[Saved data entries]
===============
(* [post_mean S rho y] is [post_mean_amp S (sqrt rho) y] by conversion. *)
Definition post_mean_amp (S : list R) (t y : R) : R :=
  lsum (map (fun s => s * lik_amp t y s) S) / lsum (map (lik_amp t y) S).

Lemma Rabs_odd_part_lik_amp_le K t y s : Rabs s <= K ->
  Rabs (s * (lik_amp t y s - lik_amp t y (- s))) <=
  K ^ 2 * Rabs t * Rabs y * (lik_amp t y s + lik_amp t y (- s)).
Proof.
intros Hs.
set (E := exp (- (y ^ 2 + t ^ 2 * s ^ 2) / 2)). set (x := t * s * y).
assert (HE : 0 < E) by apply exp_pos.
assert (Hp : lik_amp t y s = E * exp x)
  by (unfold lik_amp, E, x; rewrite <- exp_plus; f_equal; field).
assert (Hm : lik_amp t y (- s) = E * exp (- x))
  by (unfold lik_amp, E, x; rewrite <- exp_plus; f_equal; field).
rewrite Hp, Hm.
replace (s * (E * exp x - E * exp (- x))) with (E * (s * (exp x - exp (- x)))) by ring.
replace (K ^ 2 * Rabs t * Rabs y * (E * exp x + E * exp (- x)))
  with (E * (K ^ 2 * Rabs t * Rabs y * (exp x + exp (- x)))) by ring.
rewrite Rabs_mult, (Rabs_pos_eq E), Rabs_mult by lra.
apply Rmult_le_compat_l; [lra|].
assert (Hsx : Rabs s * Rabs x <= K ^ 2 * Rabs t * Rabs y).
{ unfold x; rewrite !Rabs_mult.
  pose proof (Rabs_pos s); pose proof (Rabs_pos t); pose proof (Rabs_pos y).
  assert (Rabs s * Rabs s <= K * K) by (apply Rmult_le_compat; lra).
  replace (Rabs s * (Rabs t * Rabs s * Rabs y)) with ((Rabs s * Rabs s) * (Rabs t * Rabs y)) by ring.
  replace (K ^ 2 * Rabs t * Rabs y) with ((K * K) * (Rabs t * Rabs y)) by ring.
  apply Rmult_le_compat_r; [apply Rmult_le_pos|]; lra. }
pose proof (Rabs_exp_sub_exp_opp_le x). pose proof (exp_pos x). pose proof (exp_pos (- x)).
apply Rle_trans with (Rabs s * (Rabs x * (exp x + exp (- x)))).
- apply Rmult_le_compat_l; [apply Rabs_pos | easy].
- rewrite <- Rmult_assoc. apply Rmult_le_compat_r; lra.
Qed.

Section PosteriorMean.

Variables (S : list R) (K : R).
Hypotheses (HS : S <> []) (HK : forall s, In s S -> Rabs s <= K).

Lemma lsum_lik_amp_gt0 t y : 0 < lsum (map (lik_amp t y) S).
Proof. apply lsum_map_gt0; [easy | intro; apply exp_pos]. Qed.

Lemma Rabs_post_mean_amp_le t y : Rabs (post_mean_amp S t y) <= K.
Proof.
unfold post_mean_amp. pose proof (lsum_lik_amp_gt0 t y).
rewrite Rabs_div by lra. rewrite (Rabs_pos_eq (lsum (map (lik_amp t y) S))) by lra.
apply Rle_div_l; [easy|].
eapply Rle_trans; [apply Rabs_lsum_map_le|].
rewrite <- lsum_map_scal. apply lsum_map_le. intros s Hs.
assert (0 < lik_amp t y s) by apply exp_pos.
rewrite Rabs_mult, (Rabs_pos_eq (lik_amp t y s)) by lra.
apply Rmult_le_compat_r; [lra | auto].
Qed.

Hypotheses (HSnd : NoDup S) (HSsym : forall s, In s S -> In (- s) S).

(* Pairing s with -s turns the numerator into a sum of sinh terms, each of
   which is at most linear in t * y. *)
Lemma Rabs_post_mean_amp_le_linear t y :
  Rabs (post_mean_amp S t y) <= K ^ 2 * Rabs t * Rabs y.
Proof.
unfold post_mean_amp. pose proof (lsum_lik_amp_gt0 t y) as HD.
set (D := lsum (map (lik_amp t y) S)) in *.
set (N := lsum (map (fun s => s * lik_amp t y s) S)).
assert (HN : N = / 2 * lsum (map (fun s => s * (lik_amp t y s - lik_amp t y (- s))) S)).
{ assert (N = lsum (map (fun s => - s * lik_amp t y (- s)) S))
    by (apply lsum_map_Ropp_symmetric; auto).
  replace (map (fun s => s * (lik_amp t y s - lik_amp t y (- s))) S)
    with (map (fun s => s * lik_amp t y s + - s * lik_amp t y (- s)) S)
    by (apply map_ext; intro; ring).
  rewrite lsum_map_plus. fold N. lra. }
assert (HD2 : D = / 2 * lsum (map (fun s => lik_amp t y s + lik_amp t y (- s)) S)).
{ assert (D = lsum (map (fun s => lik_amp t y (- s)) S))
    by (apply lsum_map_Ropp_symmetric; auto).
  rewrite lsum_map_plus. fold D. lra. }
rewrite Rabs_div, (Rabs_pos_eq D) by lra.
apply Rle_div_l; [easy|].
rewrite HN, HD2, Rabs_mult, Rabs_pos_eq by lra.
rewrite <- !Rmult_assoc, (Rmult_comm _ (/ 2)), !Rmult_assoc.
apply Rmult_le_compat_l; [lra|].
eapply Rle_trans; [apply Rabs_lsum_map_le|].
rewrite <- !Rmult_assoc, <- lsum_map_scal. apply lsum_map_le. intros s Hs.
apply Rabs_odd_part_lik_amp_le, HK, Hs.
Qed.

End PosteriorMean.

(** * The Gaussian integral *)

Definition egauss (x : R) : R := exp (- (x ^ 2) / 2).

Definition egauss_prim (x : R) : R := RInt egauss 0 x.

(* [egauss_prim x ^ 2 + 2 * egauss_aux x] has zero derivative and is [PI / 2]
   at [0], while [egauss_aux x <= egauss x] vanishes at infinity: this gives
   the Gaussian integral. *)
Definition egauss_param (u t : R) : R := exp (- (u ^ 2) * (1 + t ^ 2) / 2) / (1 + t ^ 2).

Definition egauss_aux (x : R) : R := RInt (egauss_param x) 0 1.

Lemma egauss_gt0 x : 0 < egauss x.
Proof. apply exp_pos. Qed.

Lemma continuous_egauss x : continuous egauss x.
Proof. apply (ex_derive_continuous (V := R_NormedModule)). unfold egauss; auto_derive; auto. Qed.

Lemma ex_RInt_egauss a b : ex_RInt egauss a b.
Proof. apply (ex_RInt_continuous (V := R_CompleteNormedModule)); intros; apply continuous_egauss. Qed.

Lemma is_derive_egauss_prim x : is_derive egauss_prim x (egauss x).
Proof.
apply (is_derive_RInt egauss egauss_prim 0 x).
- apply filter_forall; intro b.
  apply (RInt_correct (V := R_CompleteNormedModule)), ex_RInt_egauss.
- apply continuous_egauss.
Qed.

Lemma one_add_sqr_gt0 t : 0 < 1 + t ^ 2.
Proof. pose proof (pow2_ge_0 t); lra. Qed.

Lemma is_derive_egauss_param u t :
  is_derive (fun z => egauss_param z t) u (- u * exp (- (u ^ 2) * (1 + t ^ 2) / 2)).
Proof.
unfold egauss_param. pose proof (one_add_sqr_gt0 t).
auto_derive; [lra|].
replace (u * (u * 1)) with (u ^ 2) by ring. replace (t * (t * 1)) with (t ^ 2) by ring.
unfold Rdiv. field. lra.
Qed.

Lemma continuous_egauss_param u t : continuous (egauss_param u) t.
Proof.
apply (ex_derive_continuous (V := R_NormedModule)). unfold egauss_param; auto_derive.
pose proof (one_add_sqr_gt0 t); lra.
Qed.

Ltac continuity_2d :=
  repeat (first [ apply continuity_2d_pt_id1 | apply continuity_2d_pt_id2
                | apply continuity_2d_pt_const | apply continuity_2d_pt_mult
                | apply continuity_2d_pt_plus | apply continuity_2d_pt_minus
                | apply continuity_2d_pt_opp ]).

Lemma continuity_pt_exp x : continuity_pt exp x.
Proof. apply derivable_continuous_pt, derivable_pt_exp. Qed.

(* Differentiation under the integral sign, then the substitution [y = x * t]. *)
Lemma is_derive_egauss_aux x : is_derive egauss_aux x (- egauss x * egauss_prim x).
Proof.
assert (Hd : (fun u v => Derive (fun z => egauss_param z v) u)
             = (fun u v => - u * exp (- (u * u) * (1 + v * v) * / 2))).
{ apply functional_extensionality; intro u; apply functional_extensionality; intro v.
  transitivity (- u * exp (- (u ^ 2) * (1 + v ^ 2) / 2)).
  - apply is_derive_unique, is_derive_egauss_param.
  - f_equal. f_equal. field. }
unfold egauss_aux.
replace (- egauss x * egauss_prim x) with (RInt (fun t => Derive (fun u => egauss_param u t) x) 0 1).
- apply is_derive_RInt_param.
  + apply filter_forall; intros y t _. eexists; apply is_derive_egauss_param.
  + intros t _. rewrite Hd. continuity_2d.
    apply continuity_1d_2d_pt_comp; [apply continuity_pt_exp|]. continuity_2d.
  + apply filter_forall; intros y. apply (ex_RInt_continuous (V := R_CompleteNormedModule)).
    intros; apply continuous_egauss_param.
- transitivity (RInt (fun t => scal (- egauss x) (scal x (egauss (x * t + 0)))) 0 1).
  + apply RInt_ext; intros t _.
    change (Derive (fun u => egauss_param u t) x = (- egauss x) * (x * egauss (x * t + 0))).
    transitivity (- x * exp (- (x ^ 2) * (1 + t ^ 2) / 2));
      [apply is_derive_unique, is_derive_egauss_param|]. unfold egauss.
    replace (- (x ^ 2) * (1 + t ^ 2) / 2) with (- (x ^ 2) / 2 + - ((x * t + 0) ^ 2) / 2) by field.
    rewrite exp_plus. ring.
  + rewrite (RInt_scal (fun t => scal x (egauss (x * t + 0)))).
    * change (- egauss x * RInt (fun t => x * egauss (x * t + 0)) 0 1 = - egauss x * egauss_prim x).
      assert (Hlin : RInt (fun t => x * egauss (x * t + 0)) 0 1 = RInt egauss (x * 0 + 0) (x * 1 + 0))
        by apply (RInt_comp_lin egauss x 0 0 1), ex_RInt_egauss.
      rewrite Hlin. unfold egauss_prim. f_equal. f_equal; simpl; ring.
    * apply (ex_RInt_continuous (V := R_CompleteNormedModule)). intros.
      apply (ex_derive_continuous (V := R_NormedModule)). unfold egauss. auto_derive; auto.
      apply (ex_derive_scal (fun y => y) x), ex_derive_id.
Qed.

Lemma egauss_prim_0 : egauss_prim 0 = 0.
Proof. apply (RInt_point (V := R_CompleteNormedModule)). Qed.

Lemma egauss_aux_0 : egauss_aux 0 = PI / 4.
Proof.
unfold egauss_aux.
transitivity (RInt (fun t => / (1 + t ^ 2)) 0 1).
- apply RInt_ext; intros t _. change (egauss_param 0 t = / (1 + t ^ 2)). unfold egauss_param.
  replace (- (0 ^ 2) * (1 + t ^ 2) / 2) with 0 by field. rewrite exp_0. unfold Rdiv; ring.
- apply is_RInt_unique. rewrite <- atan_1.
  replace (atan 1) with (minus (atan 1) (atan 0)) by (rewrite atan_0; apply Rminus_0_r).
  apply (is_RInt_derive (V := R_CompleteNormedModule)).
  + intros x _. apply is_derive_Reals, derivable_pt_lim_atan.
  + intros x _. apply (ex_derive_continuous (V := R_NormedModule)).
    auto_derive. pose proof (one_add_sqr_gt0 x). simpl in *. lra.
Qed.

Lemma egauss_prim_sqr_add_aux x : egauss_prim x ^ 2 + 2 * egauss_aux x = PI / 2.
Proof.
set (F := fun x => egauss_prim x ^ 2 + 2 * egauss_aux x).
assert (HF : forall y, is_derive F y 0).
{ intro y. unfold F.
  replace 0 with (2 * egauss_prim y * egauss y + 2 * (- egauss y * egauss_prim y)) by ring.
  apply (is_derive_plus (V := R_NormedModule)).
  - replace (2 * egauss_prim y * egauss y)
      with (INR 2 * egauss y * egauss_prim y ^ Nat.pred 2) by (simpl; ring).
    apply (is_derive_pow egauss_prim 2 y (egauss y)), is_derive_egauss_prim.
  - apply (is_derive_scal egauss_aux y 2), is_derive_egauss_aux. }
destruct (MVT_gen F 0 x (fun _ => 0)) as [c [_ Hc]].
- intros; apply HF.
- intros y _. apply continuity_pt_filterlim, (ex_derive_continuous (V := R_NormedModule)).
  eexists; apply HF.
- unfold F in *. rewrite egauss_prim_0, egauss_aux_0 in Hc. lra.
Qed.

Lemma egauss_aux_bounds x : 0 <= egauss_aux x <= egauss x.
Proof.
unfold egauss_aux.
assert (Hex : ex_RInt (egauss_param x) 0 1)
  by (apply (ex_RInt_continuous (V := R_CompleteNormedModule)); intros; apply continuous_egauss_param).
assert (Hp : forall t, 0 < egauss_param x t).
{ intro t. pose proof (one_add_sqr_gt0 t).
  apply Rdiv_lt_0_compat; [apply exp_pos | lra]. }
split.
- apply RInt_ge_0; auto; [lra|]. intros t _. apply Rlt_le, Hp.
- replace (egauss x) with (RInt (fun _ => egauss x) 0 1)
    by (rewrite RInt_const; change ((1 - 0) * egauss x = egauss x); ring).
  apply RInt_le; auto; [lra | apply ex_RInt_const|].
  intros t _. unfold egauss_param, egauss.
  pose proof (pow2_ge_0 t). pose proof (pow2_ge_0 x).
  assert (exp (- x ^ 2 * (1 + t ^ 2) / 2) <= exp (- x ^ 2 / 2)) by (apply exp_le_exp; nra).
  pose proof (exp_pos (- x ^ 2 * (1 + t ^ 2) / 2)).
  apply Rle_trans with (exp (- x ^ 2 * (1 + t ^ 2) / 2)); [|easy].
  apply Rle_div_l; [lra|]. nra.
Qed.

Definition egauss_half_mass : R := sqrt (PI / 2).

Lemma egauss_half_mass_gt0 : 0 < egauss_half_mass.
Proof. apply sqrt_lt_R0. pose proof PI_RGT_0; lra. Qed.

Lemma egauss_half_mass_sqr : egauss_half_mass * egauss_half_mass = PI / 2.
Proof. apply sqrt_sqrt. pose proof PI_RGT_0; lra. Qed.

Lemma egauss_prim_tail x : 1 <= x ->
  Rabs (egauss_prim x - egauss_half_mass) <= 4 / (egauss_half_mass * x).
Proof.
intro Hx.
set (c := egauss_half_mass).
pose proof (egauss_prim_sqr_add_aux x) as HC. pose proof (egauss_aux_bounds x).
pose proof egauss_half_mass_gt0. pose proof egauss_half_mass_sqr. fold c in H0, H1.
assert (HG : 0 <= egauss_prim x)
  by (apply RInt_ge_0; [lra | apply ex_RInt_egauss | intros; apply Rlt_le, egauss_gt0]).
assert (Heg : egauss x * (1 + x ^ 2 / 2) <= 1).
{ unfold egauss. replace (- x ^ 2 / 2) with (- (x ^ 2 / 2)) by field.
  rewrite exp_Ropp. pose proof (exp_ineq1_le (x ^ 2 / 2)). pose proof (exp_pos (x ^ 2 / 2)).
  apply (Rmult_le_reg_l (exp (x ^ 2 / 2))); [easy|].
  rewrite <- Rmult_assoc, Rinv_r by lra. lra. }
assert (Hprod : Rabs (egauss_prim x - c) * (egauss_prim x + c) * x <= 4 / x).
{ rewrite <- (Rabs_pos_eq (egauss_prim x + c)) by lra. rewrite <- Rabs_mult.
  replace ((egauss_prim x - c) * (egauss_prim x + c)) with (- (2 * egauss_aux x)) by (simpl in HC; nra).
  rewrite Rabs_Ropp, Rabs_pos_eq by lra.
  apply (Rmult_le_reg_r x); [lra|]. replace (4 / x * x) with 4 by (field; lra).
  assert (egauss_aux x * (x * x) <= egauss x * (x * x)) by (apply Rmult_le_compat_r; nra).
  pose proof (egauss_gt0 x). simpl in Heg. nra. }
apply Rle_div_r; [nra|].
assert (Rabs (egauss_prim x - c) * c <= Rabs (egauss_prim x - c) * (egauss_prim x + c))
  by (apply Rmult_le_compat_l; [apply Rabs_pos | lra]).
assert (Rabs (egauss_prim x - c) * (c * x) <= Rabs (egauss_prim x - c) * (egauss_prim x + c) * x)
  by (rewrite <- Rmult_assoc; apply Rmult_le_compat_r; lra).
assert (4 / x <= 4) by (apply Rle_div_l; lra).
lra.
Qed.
===============
#### [WORK INSTRUCTIONS]
After locating the line that contains "rewrite Rabs_mult, (Rabs_pos_eq E), Rabs_mult", please copy exactly every line from the start of the records through it, and nothing else.

#### [ANSWER FOR THE TASK]
(* [post_mean S rho y] is [post_mean_amp S (sqrt rho) y] by conversion. *)
Definition post_mean_amp (S : list R) (t y : R) : R :=
  lsum (map (fun s => s * lik_amp t y s) S) / lsum (map (lik_amp t y) S).

Lemma Rabs_odd_part_lik_amp_le K t y s : Rabs s <= K ->
  Rabs (s * (lik_amp t y s - lik_amp t y (- s))) <=
  K ^ 2 * Rabs t * Rabs y * (lik_amp t y s + lik_amp t y (- s)).
Proof.
intros Hs.
set (E := exp (- (y ^ 2 + t ^ 2 * s ^ 2) / 2)). set (x := t * s * y).
assert (HE : 0 < E) by apply exp_pos.
assert (Hp : lik_amp t y s = E * exp x)
  by (unfold lik_amp, E, x; rewrite <- exp_plus; f_equal; field).
assert (Hm : lik_amp t y (- s) = E * exp (- x))
  by (unfold lik_amp, E, x; rewrite <- exp_plus; f_equal; field).
rewrite Hp, Hm.
replace (s * (E * exp x - E * exp (- x))) with (E * (s * (exp x - exp (- x)))) by ring.
replace (K ^ 2 * Rabs t * Rabs y * (E * exp x + E * exp (- x)))
  with (E * (K ^ 2 * Rabs t * Rabs y * (exp x + exp (- x)))) by ring.
rewrite Rabs_mult, (Rabs_pos_eq E), Rabs_mult by lra.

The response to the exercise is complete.